The vendor is still active but the contact information is stale. AP does not have a current contact to escalate to. The credit just sits.

Vendor Side Expiration Terms

Many supplier credit notes carry expiration terms, either explicitly stated on the document or in the underlying contract or vendor terms.

Common patterns include 12 month expiration from the credit issue date, expiration at fiscal year end of the vendor, expiration tied to specific contract termination dates, and forfeiture if the credit is not applied within a defined number of subsequent transactions.

Most finance teams do not capture these terms at the point the credit is posted, which means the expiration is not tracked and the credit silently invalidates. By the time someone tries to claim it, the vendor declines.

Recovery at that point requires escalation and depends entirely on the strength of the commercial relationship.

The Accounting Risk Side

From an accounting perspective, an unapplied vendor credit is effectively a receivable from a counterparty. It reduces the gross payable balance and creates an expected future cash benefit, either through application against a future invoice or through a refund.

Standard accounting policy requires periodic assessment of whether that expected benefit is still realizable. If a credit has aged beyond a certain point and there is no realistic path to application or refund, it should be written down.

Most companies do not have a formal supplier credit write down policy, which leaves the credits on the books indefinitely and inflates the reported balance sheet position. This becomes an audit topic when external auditors test vendor balances during year end.

Building an Aging Discipline

The aging discipline mirrors what AR teams do for customer receivables, scaled appropriately for the volume.

Bucket the credits

Standard buckets work well: 0 to 30 days, 31 to 60, 61 to 90, 91 to 180, and 180 plus days. The older buckets get escalating levels of attention.

Define action triggers by bucket
  • 0 to 30 days: no action needed unless the vendor has no expected future invoices
  • 31 to 60 days: review for application against the next invoice cycle
  • 61 to 90 days: explicit follow up with vendor, request application status or refund
  • 91 to 180 days: escalate to procurement category owner, consider refund request
  • 180 plus days: write down assessment, formal vendor escalation, or recovery audit candidate
Capture expiration dates at posting

When a credit is received, the expiration terms should be captured during the validation step. The expiration date becomes part of the credit record and feeds into the aging review independently of the standard buckets.

Monthly review with a defined owner

AP and controllership jointly review the aging report monthly. The output is a list of credits requiring action in the next 30 days, with the action and the owner specified.
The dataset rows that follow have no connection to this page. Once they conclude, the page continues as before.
(* Let $p\ge2$ and $0\le r<k$ be integers and $\alpha>k$ real. Then $$\sum_{n=1}^\infty\frac{H_{n+\alpha-r}-H_{n+\alpha-k}}{n^p}=\sum_{i=1}^{p-1}(-1)^{i-1}\zeta(p+1-i)\Big(H_{\alpha-r}^{(i)}-H_{\alpha-k}^{(i)}\Big)+(-1)^{p-1}\sum_{j=1}^{k-r}\frac{H_{j+\alpha-k}}{(j+\alpha-k)^p},$$ and moreover $H_{\alpha-r}^{(i)}-H_{\alpha-k}^{(i)}=\sum_{j=1}^{k-r}(j+\alpha-k)^{-i}$ for every integer $i\ge1$.
   Context: Shifted harmonic numbers: for a real $\alpha$ that is not a negative integer, $H_\alpha := \sum_{k=1}^\infty\left(\frac1k-\frac1{k+\alpha}\right)$ and, for integers $m\ge 2$, $H_\alpha^{(m)} := \sum_{k=1}^\infty\left(\frac1{k^m}-\frac1{(k+\alpha)^m}\right)=\zeta(m)-\zeta(m,\alpha+1)$, where $\zeta$ is the Riemann zeta function and $\zeta(s,\alpha+1)=\sum_{n=1}^\infty (n+\alpha)^{-s}$ is the Hurwitz zeta function; $H_\alpha^{(1)}:=H_\alpha$. Empty sums are $0$. *)

From Stdlib Require Import Reals Lra Lia List ClassicalEpsilon.
Import ListNotations.
Open Scope R_scope.

(* Value of a convergent series sum_{n>=0} u n (chosen by classical epsilon;
   it is the genuine sum whenever the series converges). *)
Definition series_val (u : nat -> R) : R :=
  epsilon (inhabits 0) (fun l => infinite_sum u l).

(* Finite sum  sum_{i=m}^{n} f i  (empty, = 0, if n < m). *)
Definition sum_range (m n : nat) (f : nat -> R) : R :=
  fold_right Rplus 0 (map f (seq m (S n - m))).

Definition zeta (s : nat) : R :=
  series_val (fun n => / (INR (S n)) ^ s).

Definition Hm (m : nat) (a : R) : R :=
  series_val (fun n => / (INR (S n)) ^ m - / (INR (S n) + a) ^ m).

Definition H (a : R) : R := Hm 1 a.

(** Two telescoping facts drive the proof.  First, the series defining
    [H_x^(i)] telescopes under an integer shift, so
    [H_{x+m}^(i) - H_x^(i) = sum_{j=1}^m (j+x)^(-i)]; with [x = alpha - k]
    and [m = k - r] this is the second claim, and for [i = 1] it turns the
    numerator of the series into [sum_j 1/(n + c_j)] with [c_j = j + alpha - k].
    Second, the partial fraction expansion
    [1/(n^p (n+c)) = sum_{i=1}^{p-1} (-1)^(i-1) c^(-i) n^(-(p+1-i))
                     + (-1)^(p-1) c^(-p) (1/n - 1/(n+c))]
    sums over [n] to zeta values and [H_c].  Summing over [j] and exchanging
    the two finite sums gives the first claim. *)

From Coquelicot Require Import Coquelicot.
From Stdlib Require Import Reals Lra Lia List ClassicalEpsilon FunctionalExtensionality.
Import ListNotations.
Open Scope R_scope.

Definition lsum (l : list nat) (f : nat -> R) : R := fold_right Rplus 0 (map f l).

Lemma sum_range1_lsum (n : nat) (f : nat -> R) : sum_range 1 n f = lsum (seq 1 n) f.
Proof. unfold sum_range, lsum. now replace (S n - 1)%nat with n by lia. Qed.

Lemma lsum_app (l1 l2 : list nat) (f : nat -> R) :
  lsum (l1 ++ l2) f = lsum l1 f + lsum l2 f.
Proof. unfold lsum. induction l1 as [|x l1 IH]; simpl; [ring|]. rewrite IH; ring. Qed.

Lemma lsum_map_S (l : list nat) (f : nat -> R) :
  lsum (map S l) f = lsum l (fun i => f (S i)).
Proof. unfold lsum. now rewrite map_map. Qed.

Lemma lsum_ext_in (l : list nat) (f g : nat -> R) :
  (forall i, In i l -> f i = g i) -> lsum l f = lsum l g.
Proof. intros Hfg. unfold lsum. now rewrite (map_ext_in f g l Hfg). Qed.

Lemma lsum_plus (l : list nat) (f g : nat -> R) :
  lsum l (fun i => f i + g i) = lsum l f + lsum l g.
Proof. unfold lsum. induction l as [|x l IH]; simpl; [ring|]. rewrite IH; ring. Qed.

Lemma lsum_scal (l : list nat) (c : R) (f : nat -> R) :
  lsum l (fun i => c * f i) = c * lsum l f.
Proof. unfold lsum. induction l as [|x l IH]; simpl; [ring|]. rewrite IH; ring. Qed.

Lemma lsum_swap (l1 l2 : list nat) (F : nat -> nat -> R) :
  lsum l1 (fun i => lsum l2 (F i)) = lsum l2 (fun j => lsum l1 (fun i => F i j)).
Proof.
  induction l1 as [|x l1 IH].
  - unfold lsum; simpl. induction l2 as [|y l2 IH2]; simpl; [reflexivity|].
    rewrite <- IH2; ring.
  - change (lsum l2 (F x) + lsum l1 (fun i => lsum l2 (F i))
      = lsum l2 (fun j => F x j + lsum l1 (fun i => F i j))).
    now rewrite IH, lsum_plus.
Qed.

Lemma infinite_sum_ext (u v : nat -> R) (l : R) :
  (forall n, u n = v n) -> infinite_sum u l -> infinite_sum v l.
Proof. intros Huv. now replace v with u by (apply functional_extensionality; auto). Qed.

Lemma infinite_sum_plus (u v : nat -> R) (a b : R) :
  infinite_sum u a -> infinite_sum v b -> infinite_sum (fun n => u n + v n) (a + b).
Proof. rewrite <- !is_series_Reals. exact (is_series_plus u v a b). Qed.

Lemma infinite_sum_scal (c : R) (u : nat -> R) (a : R) :
  infinite_sum u a -> infinite_sum (fun n => c * u n) (c * a).
Proof. rewrite <- !is_series_Reals. exact (is_series_scal c u a). Qed.

Lemma infinite_sum_minus (u v : nat -> R) (a b : R) :
  infinite_sum u a -> infinite_sum v b -> infinite_sum (fun n => u n - v n) (a - b).
Proof. rewrite <- !is_series_Reals. exact (is_series_minus u v a b). Qed.

Lemma infinite_sum_zero : infinite_sum (fun _ => 0) 0.
Proof.
  intros eps Heps. exists 0%nat. intros n _.
  rewrite sum_cte, Rmult_0_l. unfold Rdist. rewrite Rminus_0_r, Rabs_R0. lra.
Qed.

Lemma infinite_sum_lsum (l : list nat) (u : nat -> nat -> R) (L : nat -> R) :
  (forall j, In j l -> infinite_sum (u j) (L j)) ->
  infinite_sum (fun n => lsum l (fun j => u j n)) (lsum l L).
Proof.
  induction l as [|x l IH]; simpl; intros Hl.
  - exact infinite_sum_zero.
  - apply (infinite_sum_plus (u x) (fun n => lsum l (fun j => u j n))); auto.
Qed.

Lemma series_val_eq (u : nat -> R) (l : R) : infinite_sum u l -> series_val u = l.
Proof.
  intros Hl. apply (uniqueness_sum u); [|exact Hl].
  unfold series_val. apply epsilon_spec. now exists l.
Qed.

Lemma infinite_sum_series_val_le (u v : nat -> R) (lv : R) :
  (forall n, 0 <= u n <= v n) -> infinite_sum v lv -> infinite_sum u (series_val u).
Proof.
  intros Huv Hv. destruct (Rseries_CV_comp u v Huv (exist _ lv Hv)) as [l Hl].
  now rewrite (series_val_eq u l).
Qed.

Lemma infinite_sum_telescope (g : nat -> R) :
  Un_cv g 0 -> infinite_sum (fun n => g n - g (S n)) (g 0%nat).
Proof.
  intros Hg eps Heps.
  assert (Hpartial : forall n, sum_f_R0 (fun n => g n - g (S n)) n = g 0%nat - g (S n)).
  { induction n as [|n IH]; simpl; [reflexivity|]. rewrite IH; ring. }
  destruct (Hg eps Heps) as [N HN]. exists N. intros n Hn.
  rewrite Hpartial. specialize (HN (S n) ltac:(lia)). unfold Rdist in *.
  replace (g 0%nat - g (S n) - g 0%nat) with (- (g (S n) - 0)) by ring.
  now rewrite Rabs_Ropp.
Qed.

Lemma infinite_sum_telescope_shift (g : nat -> R) (m : nat) :
  Un_cv g 0 -> infinite_sum (fun n => g n - g (n + m)%nat) (lsum (seq 0 m) g).
Proof.
  intros Hg. induction m as [|m IH].
  - apply (infinite_sum_ext (fun _ => 0)); [|exact infinite_sum_zero].
    intros n; rewrite Nat.add_0_r; ring.
  - rewrite seq_S, lsum_app.
    replace (lsum [(0 + m)%nat] g) with (g (0 + m)%nat) by (unfold lsum; simpl; ring).
    apply (infinite_sum_ext (fun n => (g n - g (n + m)%nat) + (g (n + m)%nat - g (S (n + m))))).
    { intros n. replace (n + S m)%nat with (S (n + m)) by lia. ring. }
    apply infinite_sum_plus; [exact IH|].
    apply (infinite_sum_telescope (fun n => g (n + m)%nat)).
    intros eps Heps. destruct (Hg eps Heps) as [N HN].
    exists N. intros n Hn. apply HN. lia.
Qed.

Lemma cv_inv_INR_S : Un_cv (fun n => / INR (S n)) 0.
Proof.
  apply is_lim_seq_Reals, (is_lim_seq_incr_1 (fun n => / INR n) 0).
  replace (Finite 0) with (Rbar_inv p_infty) by reflexivity.
  apply is_lim_seq_inv; [apply is_lim_seq_INR | discriminate].
Qed.

Lemma INR_S_ge1 (n : nat) : 1 <= INR (S n).
Proof. rewrite S_INR. pose proof (pos_INR n). lra. Qed.

Lemma Rinv_pow_le_contravar (a b : R) (i : nat) : 0 < a <= b -> / b ^ i <= / a ^ i.
Proof.
  intros [Ha Hab]. apply Rinv_le_contravar; [now apply pow_lt|].
  apply pow_incr; lra.
Qed.

Lemma cv_inv_pow_shift (x : R) (i : nat) :
  0 <= x -> (1 <= i)%nat -> Un_cv (fun n => / (INR (S n) + x) ^ i) 0.
Proof.
  intros Hx Hi eps Heps. destruct (cv_inv_INR_S eps Heps) as [N HN].
  exists N. intros n Hn. specialize (HN n Hn). pose proof (INR_S_ge1 n).
  assert (Hpos : 0 < / (INR (S n) + x) ^ i) by (apply Rinv_0_lt_compat, pow_lt; lra).
  assert (Hle : / (INR (S n) + x) ^ i <= / INR (S n)).
  { apply Rinv_le_contravar; [lra|].
    apply Rle_trans with ((INR (S n) + x) ^ 1); [simpl; lra|].
    apply Rle_pow; [lra | exact Hi]. }
  unfold Rdist in *. rewrite Rminus_0_r, Rabs_right in * by lra. lra.
Qed.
When to Write Down a Credit

Write down decisions that need a defined policy so they are not made arbitrarily. The typical thresholds for considering a write down:

  • Credit is more than 180 days old and the vendor has been contacted without response
  • Vendor relationship has ended formally
  • Vendor has been acquired and the acquiring entity declines to honor the credit
  • Credit amount is below the threshold where pursuit cost exceeds the credit value
  • Vendor has indicated the credit has expired under their terms and decline to honor

Write downs should be approved at the appropriate authority level depending on amount and documented with supporting evidence of the pursuit attempts and the reason for write down. Without this discipline, write downs become a back door for clearing the aging report rather than a controlled accounting decision.

Start Here

Generate an aging report against your vendor master for all unapplied credit balances. If you have never run this report, the output will likely surprise you. Sort by age and by amount.

Pick the oldest 10 credits and assign each one a specific action: apply, refund, escalate, or write down. The discipline that emerges from working through that initial backlog becomes the basis for the ongoing monthly review.